* Aim of the task *
Keep to one stretch of the data below, the lines from the one with "Proof. by have := inGamma_size" up to and including the one with "move=> notSnq; rewrite", and return that stretch exactly.

(Dataset entries)
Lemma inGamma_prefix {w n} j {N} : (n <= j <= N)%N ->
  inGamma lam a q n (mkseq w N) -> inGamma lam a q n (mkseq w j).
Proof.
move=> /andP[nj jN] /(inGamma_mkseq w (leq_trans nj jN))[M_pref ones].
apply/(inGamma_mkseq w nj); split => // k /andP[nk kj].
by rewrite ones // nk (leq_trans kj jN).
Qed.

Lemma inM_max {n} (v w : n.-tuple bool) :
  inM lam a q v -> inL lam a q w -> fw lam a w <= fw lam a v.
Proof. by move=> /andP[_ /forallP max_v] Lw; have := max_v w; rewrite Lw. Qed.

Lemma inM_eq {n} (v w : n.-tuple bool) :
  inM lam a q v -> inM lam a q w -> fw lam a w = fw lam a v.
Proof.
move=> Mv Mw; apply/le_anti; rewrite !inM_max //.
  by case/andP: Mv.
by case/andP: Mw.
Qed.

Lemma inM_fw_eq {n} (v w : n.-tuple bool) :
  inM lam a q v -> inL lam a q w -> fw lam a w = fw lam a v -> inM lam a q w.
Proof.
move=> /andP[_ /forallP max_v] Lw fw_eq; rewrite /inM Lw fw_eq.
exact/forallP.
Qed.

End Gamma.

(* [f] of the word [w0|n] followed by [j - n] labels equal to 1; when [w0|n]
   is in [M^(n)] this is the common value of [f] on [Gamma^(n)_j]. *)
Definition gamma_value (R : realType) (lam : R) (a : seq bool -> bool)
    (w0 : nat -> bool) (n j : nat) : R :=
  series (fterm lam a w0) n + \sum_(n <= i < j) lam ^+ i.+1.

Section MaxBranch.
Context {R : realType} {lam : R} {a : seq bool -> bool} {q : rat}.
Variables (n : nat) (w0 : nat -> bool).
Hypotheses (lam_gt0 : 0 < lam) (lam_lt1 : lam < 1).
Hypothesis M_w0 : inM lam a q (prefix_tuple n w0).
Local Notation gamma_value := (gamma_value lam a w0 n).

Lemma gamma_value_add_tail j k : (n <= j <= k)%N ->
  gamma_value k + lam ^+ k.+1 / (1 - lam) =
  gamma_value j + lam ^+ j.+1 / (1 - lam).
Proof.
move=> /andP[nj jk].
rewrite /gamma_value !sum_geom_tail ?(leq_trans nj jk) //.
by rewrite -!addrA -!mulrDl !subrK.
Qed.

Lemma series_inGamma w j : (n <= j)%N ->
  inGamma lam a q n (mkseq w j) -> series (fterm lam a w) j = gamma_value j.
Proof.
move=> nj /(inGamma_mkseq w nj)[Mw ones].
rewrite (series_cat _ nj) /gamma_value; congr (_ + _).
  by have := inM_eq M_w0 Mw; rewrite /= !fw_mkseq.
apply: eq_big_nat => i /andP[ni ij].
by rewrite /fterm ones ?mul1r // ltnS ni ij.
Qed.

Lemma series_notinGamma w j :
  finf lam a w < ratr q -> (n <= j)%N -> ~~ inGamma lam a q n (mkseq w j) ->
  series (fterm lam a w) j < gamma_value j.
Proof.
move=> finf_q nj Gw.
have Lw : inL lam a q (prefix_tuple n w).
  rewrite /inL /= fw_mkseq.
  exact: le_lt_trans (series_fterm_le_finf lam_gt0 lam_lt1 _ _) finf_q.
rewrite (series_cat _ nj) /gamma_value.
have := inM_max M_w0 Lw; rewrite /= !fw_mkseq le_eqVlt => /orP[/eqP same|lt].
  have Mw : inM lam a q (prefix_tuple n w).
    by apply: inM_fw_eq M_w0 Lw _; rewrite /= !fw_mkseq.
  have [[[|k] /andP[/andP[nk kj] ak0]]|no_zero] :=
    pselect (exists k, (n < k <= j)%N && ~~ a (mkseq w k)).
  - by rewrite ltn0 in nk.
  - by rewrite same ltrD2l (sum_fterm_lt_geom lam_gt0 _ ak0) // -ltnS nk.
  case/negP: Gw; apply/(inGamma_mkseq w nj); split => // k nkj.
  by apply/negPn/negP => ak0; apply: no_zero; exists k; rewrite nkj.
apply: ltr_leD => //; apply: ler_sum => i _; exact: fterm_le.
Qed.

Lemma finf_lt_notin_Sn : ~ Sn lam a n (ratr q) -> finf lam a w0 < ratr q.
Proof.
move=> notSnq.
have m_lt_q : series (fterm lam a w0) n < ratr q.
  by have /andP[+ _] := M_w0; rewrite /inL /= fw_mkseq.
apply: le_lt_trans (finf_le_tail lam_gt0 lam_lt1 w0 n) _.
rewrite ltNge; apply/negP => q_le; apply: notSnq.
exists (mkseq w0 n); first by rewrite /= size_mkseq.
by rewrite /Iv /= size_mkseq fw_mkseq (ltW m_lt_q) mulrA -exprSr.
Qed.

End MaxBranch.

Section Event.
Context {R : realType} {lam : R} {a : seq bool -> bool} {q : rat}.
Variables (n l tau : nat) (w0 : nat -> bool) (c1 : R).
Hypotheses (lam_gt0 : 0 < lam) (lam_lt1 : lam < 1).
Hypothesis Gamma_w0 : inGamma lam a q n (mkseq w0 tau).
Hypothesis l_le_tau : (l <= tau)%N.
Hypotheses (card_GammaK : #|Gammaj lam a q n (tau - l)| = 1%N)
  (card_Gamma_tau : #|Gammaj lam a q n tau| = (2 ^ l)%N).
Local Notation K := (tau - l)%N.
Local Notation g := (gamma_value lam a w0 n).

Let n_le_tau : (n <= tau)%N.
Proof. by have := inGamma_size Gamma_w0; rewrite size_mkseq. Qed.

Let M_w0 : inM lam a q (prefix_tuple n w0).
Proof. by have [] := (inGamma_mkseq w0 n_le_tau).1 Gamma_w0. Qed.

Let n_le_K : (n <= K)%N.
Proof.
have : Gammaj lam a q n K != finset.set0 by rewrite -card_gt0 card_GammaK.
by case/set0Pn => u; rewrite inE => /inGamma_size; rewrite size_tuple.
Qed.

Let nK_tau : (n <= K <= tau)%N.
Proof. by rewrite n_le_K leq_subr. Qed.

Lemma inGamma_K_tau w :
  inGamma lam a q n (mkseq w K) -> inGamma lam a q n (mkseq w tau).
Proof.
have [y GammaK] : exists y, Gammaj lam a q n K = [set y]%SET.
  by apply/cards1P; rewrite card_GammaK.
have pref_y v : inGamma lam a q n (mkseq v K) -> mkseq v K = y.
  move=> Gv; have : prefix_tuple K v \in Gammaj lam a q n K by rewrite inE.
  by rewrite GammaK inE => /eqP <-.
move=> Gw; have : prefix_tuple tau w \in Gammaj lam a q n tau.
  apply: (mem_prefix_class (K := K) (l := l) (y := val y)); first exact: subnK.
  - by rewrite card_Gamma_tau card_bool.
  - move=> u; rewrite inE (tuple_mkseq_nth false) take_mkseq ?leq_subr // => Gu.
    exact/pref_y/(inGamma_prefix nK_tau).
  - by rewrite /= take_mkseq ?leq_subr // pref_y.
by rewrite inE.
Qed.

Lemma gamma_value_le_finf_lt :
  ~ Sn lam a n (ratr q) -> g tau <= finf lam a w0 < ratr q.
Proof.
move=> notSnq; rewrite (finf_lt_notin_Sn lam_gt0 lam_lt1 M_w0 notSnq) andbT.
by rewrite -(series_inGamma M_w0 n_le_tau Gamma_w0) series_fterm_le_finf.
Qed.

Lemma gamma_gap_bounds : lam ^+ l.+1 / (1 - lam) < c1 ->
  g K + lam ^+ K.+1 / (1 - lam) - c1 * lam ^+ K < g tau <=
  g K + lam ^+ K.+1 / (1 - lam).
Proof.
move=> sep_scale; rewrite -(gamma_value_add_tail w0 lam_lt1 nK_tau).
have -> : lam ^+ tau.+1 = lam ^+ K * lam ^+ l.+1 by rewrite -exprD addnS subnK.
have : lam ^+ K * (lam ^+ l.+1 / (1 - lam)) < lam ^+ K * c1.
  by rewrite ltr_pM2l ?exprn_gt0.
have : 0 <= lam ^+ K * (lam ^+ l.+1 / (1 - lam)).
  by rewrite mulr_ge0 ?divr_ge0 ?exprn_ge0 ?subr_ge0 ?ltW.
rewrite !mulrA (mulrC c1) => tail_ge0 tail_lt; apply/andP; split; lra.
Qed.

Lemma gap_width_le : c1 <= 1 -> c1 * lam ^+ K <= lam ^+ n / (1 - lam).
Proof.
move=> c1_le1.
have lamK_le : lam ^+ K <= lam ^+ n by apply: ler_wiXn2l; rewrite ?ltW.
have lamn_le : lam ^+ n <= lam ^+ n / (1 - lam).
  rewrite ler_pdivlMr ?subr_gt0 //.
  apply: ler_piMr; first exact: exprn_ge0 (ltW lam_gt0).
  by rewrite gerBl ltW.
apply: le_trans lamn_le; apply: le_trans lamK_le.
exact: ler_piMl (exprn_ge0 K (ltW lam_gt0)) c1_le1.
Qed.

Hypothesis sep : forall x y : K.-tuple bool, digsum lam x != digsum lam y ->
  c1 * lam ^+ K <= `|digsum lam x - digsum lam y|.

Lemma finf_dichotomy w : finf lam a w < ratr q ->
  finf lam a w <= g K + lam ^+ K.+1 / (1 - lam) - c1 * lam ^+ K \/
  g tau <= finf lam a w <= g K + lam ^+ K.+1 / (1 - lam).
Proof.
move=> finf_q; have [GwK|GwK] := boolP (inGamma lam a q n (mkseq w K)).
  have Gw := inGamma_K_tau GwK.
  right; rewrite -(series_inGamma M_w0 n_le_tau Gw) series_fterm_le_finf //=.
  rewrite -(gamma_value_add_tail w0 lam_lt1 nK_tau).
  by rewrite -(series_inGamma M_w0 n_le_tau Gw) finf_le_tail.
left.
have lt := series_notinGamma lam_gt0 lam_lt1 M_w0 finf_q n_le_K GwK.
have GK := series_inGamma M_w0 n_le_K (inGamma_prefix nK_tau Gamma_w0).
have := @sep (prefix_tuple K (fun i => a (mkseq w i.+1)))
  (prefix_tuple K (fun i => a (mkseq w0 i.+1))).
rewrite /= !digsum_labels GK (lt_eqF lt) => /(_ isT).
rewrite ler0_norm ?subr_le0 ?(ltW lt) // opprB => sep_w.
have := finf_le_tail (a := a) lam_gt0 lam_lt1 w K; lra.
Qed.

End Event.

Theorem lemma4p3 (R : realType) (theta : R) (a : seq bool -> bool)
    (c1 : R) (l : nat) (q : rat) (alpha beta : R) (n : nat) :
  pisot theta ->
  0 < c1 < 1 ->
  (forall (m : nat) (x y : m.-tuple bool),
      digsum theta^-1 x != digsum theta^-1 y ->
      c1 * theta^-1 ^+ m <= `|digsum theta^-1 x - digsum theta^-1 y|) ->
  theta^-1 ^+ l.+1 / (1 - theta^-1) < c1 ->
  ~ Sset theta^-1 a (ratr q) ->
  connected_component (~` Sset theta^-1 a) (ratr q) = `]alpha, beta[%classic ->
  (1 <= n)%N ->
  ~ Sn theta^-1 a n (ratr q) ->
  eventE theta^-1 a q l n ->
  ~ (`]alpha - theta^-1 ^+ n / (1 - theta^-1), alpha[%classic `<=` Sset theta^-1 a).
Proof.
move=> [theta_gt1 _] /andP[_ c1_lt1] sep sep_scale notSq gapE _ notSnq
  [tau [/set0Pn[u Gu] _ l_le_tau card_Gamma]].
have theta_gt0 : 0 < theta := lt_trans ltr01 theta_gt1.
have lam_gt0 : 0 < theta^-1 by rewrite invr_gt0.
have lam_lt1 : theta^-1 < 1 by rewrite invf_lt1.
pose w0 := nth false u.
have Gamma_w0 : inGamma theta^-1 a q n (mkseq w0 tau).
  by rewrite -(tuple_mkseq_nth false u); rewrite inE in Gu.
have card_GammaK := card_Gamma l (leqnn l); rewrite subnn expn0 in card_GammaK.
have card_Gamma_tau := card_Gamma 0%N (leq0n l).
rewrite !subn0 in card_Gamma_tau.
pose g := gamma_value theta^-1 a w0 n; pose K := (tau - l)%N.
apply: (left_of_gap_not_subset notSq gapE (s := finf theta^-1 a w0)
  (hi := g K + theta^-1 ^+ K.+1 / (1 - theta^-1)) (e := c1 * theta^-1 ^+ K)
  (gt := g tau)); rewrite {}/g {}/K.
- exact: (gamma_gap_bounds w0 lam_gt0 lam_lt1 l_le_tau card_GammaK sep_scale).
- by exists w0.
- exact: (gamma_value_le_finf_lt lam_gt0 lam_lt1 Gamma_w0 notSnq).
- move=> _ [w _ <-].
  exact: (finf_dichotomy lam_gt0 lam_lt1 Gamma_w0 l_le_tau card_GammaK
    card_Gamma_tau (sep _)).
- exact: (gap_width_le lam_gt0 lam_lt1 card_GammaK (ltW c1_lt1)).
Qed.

* Solution for this problem *
Proof. by have := inGamma_size Gamma_w0; rewrite size_mkseq. Qed.

Let M_w0 : inM lam a q (prefix_tuple n w0).
Proof. by have [] := (inGamma_mkseq w0 n_le_tau).1 Gamma_w0. Qed.

Let n_le_K : (n <= K)%N.
Proof.
have : Gammaj lam a q n K != finset.set0 by rewrite -card_gt0 card_GammaK.
by case/set0Pn => u; rewrite inE => /inGamma_size; rewrite size_tuple.
Qed.

Let nK_tau : (n <= K <= tau)%N.
Proof. by rewrite n_le_K leq_subr. Qed.

Lemma inGamma_K_tau w :
  inGamma lam a q n (mkseq w K) -> inGamma lam a q n (mkseq w tau).
Proof.
have [y GammaK] : exists y, Gammaj lam a q n K = [set y]%SET.
  by apply/cards1P; rewrite card_GammaK.
have pref_y v : inGamma lam a q n (mkseq v K) -> mkseq v K = y.
  move=> Gv; have : prefix_tuple K v \in Gammaj lam a q n K by rewrite inE.
  by rewrite GammaK inE => /eqP <-.
move=> Gw; have : prefix_tuple tau w \in Gammaj lam a q n tau.
  apply: (mem_prefix_class (K := K) (l := l) (y := val y)); first exact: subnK.
  - by rewrite card_Gamma_tau card_bool.
  - move=> u; rewrite inE (tuple_mkseq_nth false) take_mkseq ?leq_subr // => Gu.
    exact/pref_y/(inGamma_prefix nK_tau).
  - by rewrite /= take_mkseq ?leq_subr // pref_y.
by rewrite inE.
Qed.

Lemma gamma_value_le_finf_lt :
  ~ Sn lam a n (ratr q) -> g tau <= finf lam a w0 < ratr q.
Proof.
move=> notSnq; rewrite (finf_lt_notin_Sn lam_gt0 lam_lt1 M_w0 notSnq) andbT.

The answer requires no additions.